◆ Brief ◆
Lines that include the string "Import" are the ones to copy from the entries below.

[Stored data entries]
(* (i) If $y\in\mathcal{SH}(r)$ satisfies $P_1(y)\ne0$ and $P_2(y)\ne0$, then $$\rho(G)y=\{y'\in\mathcal{SH}(r):\ P_1(y)P_1(y')>0\ \text{and}\ P_2(y)P_2(y')>0\}.$$ (ii) Consequently $(G,\rho,\mathcal{SH}(r))$ is a prehomogeneous vector space (it has an open $\rho(G)$-orbit) and its singular set, the complement of the union of the open orbits, is $\Sigma=\{y\in\mathcal{SH}(r):P_1(y)P_2(y)=0\}$.
   Context: Fix an integer $r\ge 2$. For $\ell=1,\dots,r+1$ let $Y_\ell\in\mathrm{Mat}(r,\mathbb R)$ have $(i,j)$-entry $\delta_{i+j,\ell+1}$. Let $\mathcal{SH}(r)=\mathrm{span}_{\mathbb R}(Y_1,\dots,Y_{r+1})$, the space of sub-Hankel matrices: $y=\sum_\ell y_\ell Y_\ell$ is the $r\times r$ matrix whose $(i,j)$-entry is $y_{i+j-1}$ if $i+j\le r+2$ and $0$ otherwise. For $k=0,\dots,r-1$ let $T_k$ be the $r\times r$ matrix with $(i,j)$-entry $(r-k-i+1)\delta_{j,i+k}$. Put $H_1=\frac1rT_0-\frac12I_r$, $H_2=I_r-\frac1rT_0=\mathrm{diag}(0,\frac1r,\dots,\frac{r-1}r)$. Let $\mathfrak g=\mathrm{span}(H_1,H_2,T_1,\dots,T_{r-1})$ (a solvable Lie algebra of upper triangular matrices) and $G\subset GL(r,\mathbb R)$ the connected Lie subgroup with Lie algebra $\mathfrak g$. Define $\rho(g)y=g\,y\,{}^tg$ for $g\in G$, $y\in\mathcal{SH}(r)$ (this preserves $\mathcal{SH}(r)$). Let $P_1(y)=\det y$ and $P_2(y)=y_{r+1}$. *)

(* real matrices are needed together with the real exponential
   (matrix exponential), so we work with Stdlib Reals and represent r x r
   matrices as functions nat -> nat -> R, indices 0..r-1 (0-indexed; the paper's
   entry (i,j) is our entry (i-1, j-1)).  Entries outside 0..r-1 are ignored. *)
From Stdlib Require Import Reals Lra Lia Arith.
Open Scope R_scope.

Definition mat := nat -> nat -> R.

Fixpoint rsum (n : nat) (f : nat -> R) : R :=
  match n with
  | O => 0
  | S n' => rsum n' f + f n'
  end.

Definition mid : mat := fun i j => if Nat.eqb i j then 1 else 0.
Definition mmul (r : nat) (A B : mat) : mat :=
  fun i j => rsum r (fun k => A i k * B k j).
Definition mtr (A : mat) : mat := fun i j => A j i.

Definition meq (r : nat) (A B : mat) : Prop :=
  forall i j, (i < r)%nat -> (j < r)%nat -> A i j = B i j.

Fixpoint mpow (r : nat) (X : mat) (m : nat) : mat :=
  match m with
  | O => mid
  | S m' => mmul r X (mpow r X m')
  end.

Definition is_mexp (r : nat) (X E : mat) : Prop :=
  forall i j, (i < r)%nat -> (j < r)%nat ->
    Un_cv (fun n => rsum (S n) (fun m => mpow r X m i j / INR (fact m))) (E i j).

Definition minor (A : mat) (j : nat) : mat :=
  fun i k => A (S i) (if Nat.ltb k j then k else S k).
Fixpoint det (n : nat) (A : mat) : R :=
  match n with
  | O => 1
  | S n' => rsum n (fun j => (-1) ^ j * A O j * det n' (minor A j))
  end.

(* T_k : paper's (i,j) entry (r-k-i+1) delta_{j,i+k}; 0-indexed: (r-k-i) delta_{j,i+k} *)
Definition Tk (r k : nat) : mat :=
  fun i j => if Nat.eqb j (i + k) then INR r - INR k - INR i else 0.
Definition H1 (r : nat) : mat :=
  fun i j => / INR r * Tk r 0 i j - / 2 * mid i j.
Definition H2 (r : nat) : mat :=
  fun i j => mid i j - / INR r * Tk r 0 i j.

Definition in_lie (r : nat) (X : mat) : Prop :=
  exists (a1 a2 : R) (b : nat -> R),
    meq r X (fun i j => a1 * H1 r i j + a2 * H2 r i j
                        + rsum (r - 1) (fun k => b (S k) * Tk r (S k) i j)).

(* G = connected Lie subgroup of GL(r,R) with Lie algebra g, i.e. the subgroup
   generated by exp(g) (finite products of exponentials of elements of g;
   inverses are included since exp(X)^{-1} = exp(-X) with -X in g). *)
Inductive inG (r : nat) : mat -> Prop :=
  | inG_id : inG r mid
  | inG_mul : forall X E A, in_lie r X -> is_mexp r X E -> inG r A ->
      inG r (mmul r E A).

(* Sub-Hankel matrix with coordinates y_1, ..., y_{r+1} (y : nat -> R, only the
   values at 1..r+1 matter): paper's (i,j) entry is y_{i+j-1} if i+j <= r+2. *)
Definition SH (r : nat) (y : nat -> R) : mat :=
  fun i j => if Nat.leb (i + j) r then y (i + j + 1)%nat else 0.

Definition rho (r : nat) (g A : mat) : mat := mmul r (mmul r g A) (mtr g).

Definition P1 (r : nat) (y : nat -> R) : R := det r (SH r y).
Definition P2 (r : nat) (y : nat -> R) : R := y (r + 1)%nat.

Definition orbit (r : nat) (y y' : nat -> R) : Prop :=
  exists g, inG r g /\ meq r (SH r y') (rho r g (SH r y)).

Definition SH_open (r : nat) (U : (nat -> R) -> Prop) : Prop :=
  forall y, U y -> exists eps, 0 < eps /\
    forall y', (forall l, (1 <= l <= r + 1)%nat -> Rabs (y' l - y l) < eps) -> U y'.

(* Every element of G is upper triangular with positive diagonal, so rho(g) multiplies
   P1 = det by (det g)^2 and P2 = y_{r+1} by g_22 g_rr: an orbit stays inside one sign class
   of (P1, P2).  Conversely, exp(t T_k) fixes y_{r+1}, adds t (r - k) y_{r+1} to y_{r+1-k} and
   leaves the y_l with l > r + 1 - k alone, so running k = 1, ..., r - 1 kills y_2, ..., y_r.
   The torus exp(a I + b T_0) then rescales y_1 and y_{r+1} independently to +-1; at such a
   point P1 = y_1 times a nonzero cofactor, so each sign class is the orbit of one of the four
   points (+-1, 0, ..., 0, +-1).  These classes are open by continuity of det, and their union
   {P1 P2 <> 0} is dense, which identifies the singular set. *)
From Stdlib Require Import Reals Lra Lia FunctionalExtensionality.
From mathcomp Require Import all_boot all_algebra.
From mathcomp Require Import perm Rstruct zify.
Set Implicit Arguments. Unset Strict Implicit. Unset Printing Implicit Defensive.
Import GRing.Theory Num.Theory.
Open Scope R_scope.

Lemma rsum_big n f : rsum n f = (\sum_(i < n) f i)%R.
Proof.
elim: n => [|n IH]; first by rewrite big_ord0.
by rewrite big_ord_recr /= IH.
Qed.

Lemma rsum_recr n f : rsum n.+1 f = rsum n f + f n.
Proof. by []. Qed.

Lemma rsum_recl n f : rsum n.+1 f = f 0%nat + rsum n (fun k => f k.+1).
Proof. by rewrite !rsum_big big_ord_recl. Qed.

Lemma eq_rsum n f g : (forall k, (k < n)%nat -> f k = g k) -> rsum n f = rsum n g.
Proof.
elim: n => [|n IH] h //=.
by rewrite IH ?h // => k hk; apply: h; apply: ltnW.
Qed.

Lemma rsum_eq0 n f : (forall k, (k < n)%nat -> f k = 0) -> rsum n f = 0.
Proof.
move=> h; rewrite (eq_rsum (g := fun _ => 0)) //.
by elim: n {h} => [|n IH] //=; rewrite IH; lra.
Qed.

Lemma rsum_only n f i : (i < n)%nat -> (forall k, (k < n)%nat -> k <> i -> f k = 0) ->
  rsum n f = f i.
Proof.
move=> hi h; rewrite !rsum_big (bigD1 (Ordinal hi)) //= big1 ?addr0 // => k hk.
by apply: h => // e; move: hk; rewrite -val_eqE /= e eqxx.
Qed.

Lemma rsum_add n f g : rsum n (fun k => f k + g k) = rsum n f + rsum n g.
Proof. elim: n => [|n IH] /=; [lra| rewrite IH; lra]. Qed.

Lemma rsum_mull n c f : c * rsum n f = rsum n (fun k => c * f k).
Proof. elim: n => [|n IH] /=; [lra| rewrite -IH; lra]. Qed.

Lemma rsum_mulr n c f : rsum n f * c = rsum n (fun k => f k * c).
Proof. elim: n => [|n IH] /=; [lra| rewrite -IH; lra]. Qed.

Lemma exchange_rsum n p (f : nat -> nat -> R) :
  rsum n (fun a => rsum p (f a)) = rsum p (fun m => rsum n (fun a => f a m)).
Proof.
rewrite !rsum_big; under eq_bigr do rewrite rsum_big.
by rewrite exchange_big /=; apply: eq_bigr => i _; rewrite rsum_big.
Qed.

Lemma rsum_trunc n N f : (n <= N)%nat ->
  (forall k, (n <= k)%nat -> (k < N)%nat -> f k = 0) -> rsum N f = rsum n f.
Proof.
move=> /subnK <- h; elim: (N - n)%nat h => [|p IH] h //.
rewrite addSn rsum_recr IH ?h; [lra | lia | lia |].
by move=> k h1 h2; apply: h; lia.
Qed.

Lemma rsum_antidiagonal N (G : nat -> nat -> R) :
  rsum N (fun M => rsum M.+1 (fun m => G m (M - m)%nat)) =
  rsum N (fun m => rsum (N - m) (G m)).
Proof.
elim: N => [|N IH] //.
rewrite rsum_recr IH rsum_recr [RHS]rsum_recr subSnn.
rewrite (eq_rsum (f := fun m => rsum (N.+1 - m) (G m))
   (g := fun m => rsum (N - m) (G m) + G m (N - m)%nat)); last first.
  by move=> m hm; rewrite subSn ?rsum_recr //; lia.
rewrite rsum_add /= subnn /=; lra.
Qed.

Lemma rsum_Cauchy N (G : nat -> nat -> R) :
  (forall m m', (N <= m + m')%nat -> G m m' = 0) ->
  rsum N (fun m => rsum N (G m)) = rsum N (fun M => rsum M.+1 (fun m => G m (M - m)%nat)).
Proof.
move=> h; rewrite rsum_antidiagonal; apply: eq_rsum => m hm.
by apply: rsum_trunc => [|k h1 h2]; [lia | apply: h; lia].
Qed.

Definition mx_of (n : nat) (A : mat) : 'M[R]_n := (\matrix_(i < n, j < n) A i j)%R.

Lemma mx_of_mul n A B : mx_of n (mmul n A B) = (mx_of n A *m mx_of n B)%R.
Proof.
apply/matrixP => i j; rewrite !mxE /mmul rsum_big; apply: eq_bigr => k _.
by rewrite !mxE.
Qed.

Lemma mx_of_tr n A : mx_of n (mtr A) = (mx_of n A)^T%R.
Proof. by apply/matrixP => i j; rewrite !mxE. Qed.

Lemma mx_of_id n : mx_of n mid = 1%:M%R.
Proof.
apply/matrixP => i j; rewrite !mxE /mid.
case: (Nat.eqb_spec i j) => [/val_inj -> | h]; first by rewrite eqxx.
by case: eqP => // e; case: h; rewrite e.
Qed.

Lemma meq_mx_of n A B : meq n A B <-> mx_of n A = mx_of n B.
Proof.
split=> [h | h i j /ssrnat.ltP hi /ssrnat.ltP hj].
  by apply/matrixP => i j; rewrite !mxE; apply: h; apply/ssrnat.ltP.
by have := congr1 (fun M : 'M_n => M (Ordinal hi) (Ordinal hj)) h; rewrite !mxE.
Qed.

Lemma mx_of_rho n g A : mx_of n (rho n g A) = (mx_of n g *m mx_of n A *m (mx_of n g)^T)%R.
Proof. by rewrite /rho !mx_of_mul mx_of_tr. Qed.

Lemma rho_entry r g A i j :
  rho r g A i j = rsum r (fun a => g i a * rsum r (fun b => A a b * g j b)).
Proof.
rewrite /rho /mmul /mtr.
rewrite (eq_rsum (g := fun b => rsum r (fun a => g i a * A a b * g j b))); last first.
  by move=> b hb; rewrite rsum_mulr.
rewrite -exchange_rsum; apply: eq_rsum => a ha; rewrite rsum_mull.
by apply: eq_rsum => b hb; ring.
Qed.

Lemma det_mx_of n A : det n A = (\det (mx_of n A))%R.
Proof.
elim: n A => [|n IH] A; first by rewrite det_mx00.
rewrite (expand_det_row _ ord0) /det -/det rsum_big.
apply: eq_bigr => j _.
rewrite IH /cofactor !mxE add0n.
have -> : mx_of n (minor A j) = row' ord0 (col' j (mx_of n.+1 A)).
  apply/matrixP => k l; rewrite !mxE /minor /=.
  congr (A _ _); rewrite /bump.
  case: (Nat.ltb_spec l j) => h.
    by have /ssrnat.ltP h' := h; rewrite leqNgt h' add0n.
  by have /ssrnat.leP h' := h; rewrite h' add1n.
by rewrite !RmultE RpowE /= [RHS]mulrCA mulrA.
Qed.

Definition upper_triangular (n : nat) (A : mat) :=
  forall i j, (j < i)%nat -> (i < n)%nat -> A i j = 0.

Lemma upper_triangular_mid n : upper_triangular n mid.
Proof. by move=> i j hji _; rewrite /mid; case: (Nat.eqb_spec i j) => // e; lia. Qed.

Lemma upper_triangular_mmul n A B :
  upper_triangular n A -> upper_triangular n B -> upper_triangular n (mmul n A B).
Proof.
move=> hA hB i j hji hi; rewrite /mmul; apply: rsum_eq0 => k hk.
case: (ltnP k i) => hki; first by rewrite hA //; lra.
by rewrite (hB k j) ?(leq_trans hji hki) //; lra.
Qed.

◆ Exercise answer ◆
From Stdlib Require Import Reals Lra Lia Arith.
From Stdlib Require Import Reals Lra Lia FunctionalExtensionality.
From mathcomp Require Import all_boot all_algebra.
From mathcomp Require Import perm Rstruct zify.
Import GRing.Theory Num.Theory.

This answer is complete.